David Fontenot (left) and his son-in-laws, Aron and Justin, captured this alligator in Anahuac, Texas, the "Alligator Capital of Texas."

In Chambers County, Texas, where the alligator population outnumbers the human population almost 3 to 1, a 14-foot-long alligator has been captured from the waters off of Alligator Alley RV Park in Anahuac. The alligator is just three inches shy of the state record.

David Fontenot, a 56-year-old resident of Zavalla, Texas, who lives part-time at the RV park and works for the City of Mont Belvieu, captured the giant beast with the help of his son-in-laws on Wednesday morning, Sept. 14, just two days before the start of Gator Fest, an annual festival in Anahuac that celebrates alligators and includes a gator round-up.

Catching the alligator before the start of the festival disqualifies Fontenot from competing in this year’s Gator Fest contests, but last year he won a daily weigh-in with an 11-foot, six-inch gator captured at the same RV park.

Fontenot said he had seen the 14-foot-long gator hanging around the boat ramp at the RV park, so he knew exactly where to find him when it came time to bait his hooks.

“There are some big ones out there. They are out there every night at the park. They come up on the banks and swim around the banks. We were kind of concerned about kids and pets in the parks because this thing was so huge,” he said.

To lure the alligator to his line, Fontenot first baited his hook with a chicken and had no luck.

Members of the Fontenot family gather for a photo with a 14-foot alligator captured by patriarch David Fontenot and his son-in-laws on Wednesday, Sept. 14.

“For some reason, he didn’t want to touch the chicken. I have never seen an alligator not eat something rotting on a line, but this alligator would swim up to it and then swim away. He wouldn’t touch it,” Fontenot said. “He didn’t want the chicken, so I switched to mullet and he took the bait. I guess, living in that water, he had a preference for fish.”
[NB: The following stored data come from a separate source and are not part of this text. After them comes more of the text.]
(* Let $n\ge1$ and let $\mathbf{v},\mathbf{w}\in\{0,1\}^n$ be coordinates in multi-degree $\mathbf{1}_n$ of $\mathcal{L}^{\mathbb{Q}}_{T^n}(\mathbb{Q}[t];\mathbb{Q})$, and $x,y\in\mathbb{Q}[t]$. In the total complex $\mathrm{Tot}(\mathcal{L}^{\mathbb{Q}}_{T^n}(\mathbb{Q}[t];\mathbb{Q}))$: (1) If $\mathbf{v}$ and $\mathbf{w}$ are both $0$ in the $i$th place for some $1\le i\le n$, then $x_{\mathbf{v}}\cdot y_{\mathbf{w}}\sim0$. In particular, if $\mathbf{v}\neq\mathbf{1}_n$ then $x_{\mathbf{v}}\sim0$. (2) In general, \[x_{\mathbf{v}}\cdot y_{\mathbf{w}}\sim\sum_{\substack{\mathbf{v}'\le\mathbf{v},\ \mathbf{w}'\le\mathbf{w},\\ \mathbf{v}'+\mathbf{w}'=\mathbf{1}_n}}x_{\mathbf{v}'}\cdot y_{\mathbf{w}'},\] the sum over all pairs of coordinates $\mathbf{v}',\mathbf{w}'\in\{0,1\}^n$ that are place-wise no greater than $\mathbf{v}$, $\mathbf{w}$ respectively and take the value $1$ in complementary places. (3) For $k\ge1$, \[(t^k)_{\mathbf{1}_n}\sim\sum_{\substack{\mathbf{w}_1,\dots,\mathbf{w}_k\neq\mathbf{0}_n,\\ \mathbf{w}_1+\cdots+\mathbf{w}_k=\mathbf{1}_n}}\prod_{i=1}^kt_{\mathbf{w}_i},\] the sum over ordered $k$-tuples of nonzero coordinates in $\{0,1\}^n$. In particular, if $k=n$ and $\mathbf{e}_i$ denotes the coordinate with $1$ in the $i$th place and $0$ elsewhere, then $(t^n)_{\mathbf{1}_n}\sim n!\prod_{i=1}^nt_{\mathbf{e}_i}$; and if $k>n$ then $(t^k)_{\mathbf{1}_n}\sim0$.
   Context: The $n$-chain complex $\mathcal{L}^{\mathbb{Q}}_{T^n}(\mathbb{Q}[t];\mathbb{Q})$ (Loday construction of $\mathbb{Q}[t]$ over the $n$-fold product of simplicial circles, with coefficients in $\mathbb{Q}$ via $t\mapsto0$): in multi-degree $\mathbf{V}\in\mathbb{N}^n$, elements are sums of multi-matrices of size $(v_1+1)\times\cdots\times(v_n+1)$ with entries in $\mathbb{Q}[t]$ at coordinates $\mathbf{v}\ne\mathbf{0}_n$ ($\mathbf{0}\le\mathbf{v}\le\mathbf{V}$) and in $\mathbb{Q}$ at $\mathbf{0}_n$ (tensors over $\mathbb{Q}$). In direction $i$ the slices are indexed by $j\in\{0,\dots,v_i\}$; $d_{i,j}$ ($j<v_i$) multiplies slices $j$ and $j+1$ entrywise, $d_{i,v_i}$ multiplies slice $v_i$ into slice $0$; $\mathrm{d}_i=\sum_j(-1)^jd_{i,j}$ and the total differential is $\mathrm{d}=\sum_i(-1)^{v_1+\cdots+v_{i-1}}\mathrm{d}_i$; $\sim$ means differing by a boundary. $\mathbf{0}_n,\mathbf{1}_n$ are constant vectors; for $x\in\mathbb{Q}[t]$, $x_{\mathbf{v}}$ is the multi-matrix with $x$ at $\mathbf{v}$ (its image in $\mathbb{Q}$ if $\mathbf{v}=\mathbf{0}_n$) and $1$ elsewhere, and products such as $x_{\mathbf{v}}\cdot y_{\mathbf{w}}$ or $\prod_it_{\mathbf{w}_i}$ are entrywise products of multi-matrices. Sums and inequalities of coordinates are place-wise. *)

From mathcomp Require Import all_boot all_algebra.
From mathcomp Require Import mpoly.
Set Implicit Arguments. Unset Strict Implicit. Unset Printing Implicit Defensive.
Import GRing.Theory.
Local Open Scope ring_scope.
Getting such a massive alligator out of the water proved to be the next challenge. With no way of pulling him into their boat, he and his family members towed the gator to shore and used a boat ramp and trailer to get him out of the water. The alligator was then taken to Porter’s Wild Game Processing in Anahuac where its owner Casey Hedges offered to buy the alligator on the spot as it is the largest he has ever processed.

“That is the biggest one,” said Hedges, who plans to display it in his store after taxidermy.

Casey Hedges, owner of Porter’s Wild Game Processing in Anahuac, Texas, lies on top of the 14-foot alligator he purchased from David Fontenot.

Already this year, just six days into the 20-day alligator season in Texas, which runs from Sept. 10-30 in the 22 Texas’ core counties, Porter’s Wild Game Processing, has already received close to 250 alligators from Texas hunters.

“We may see a lot more over the weekend depending on the weather. With rain in the forecast, we might not see as much this weekend as we would normally see, it we will still get a lot more,” Hedges said. “Everyone who is hunting alligators is holding on until the weekend for Gator Fest.”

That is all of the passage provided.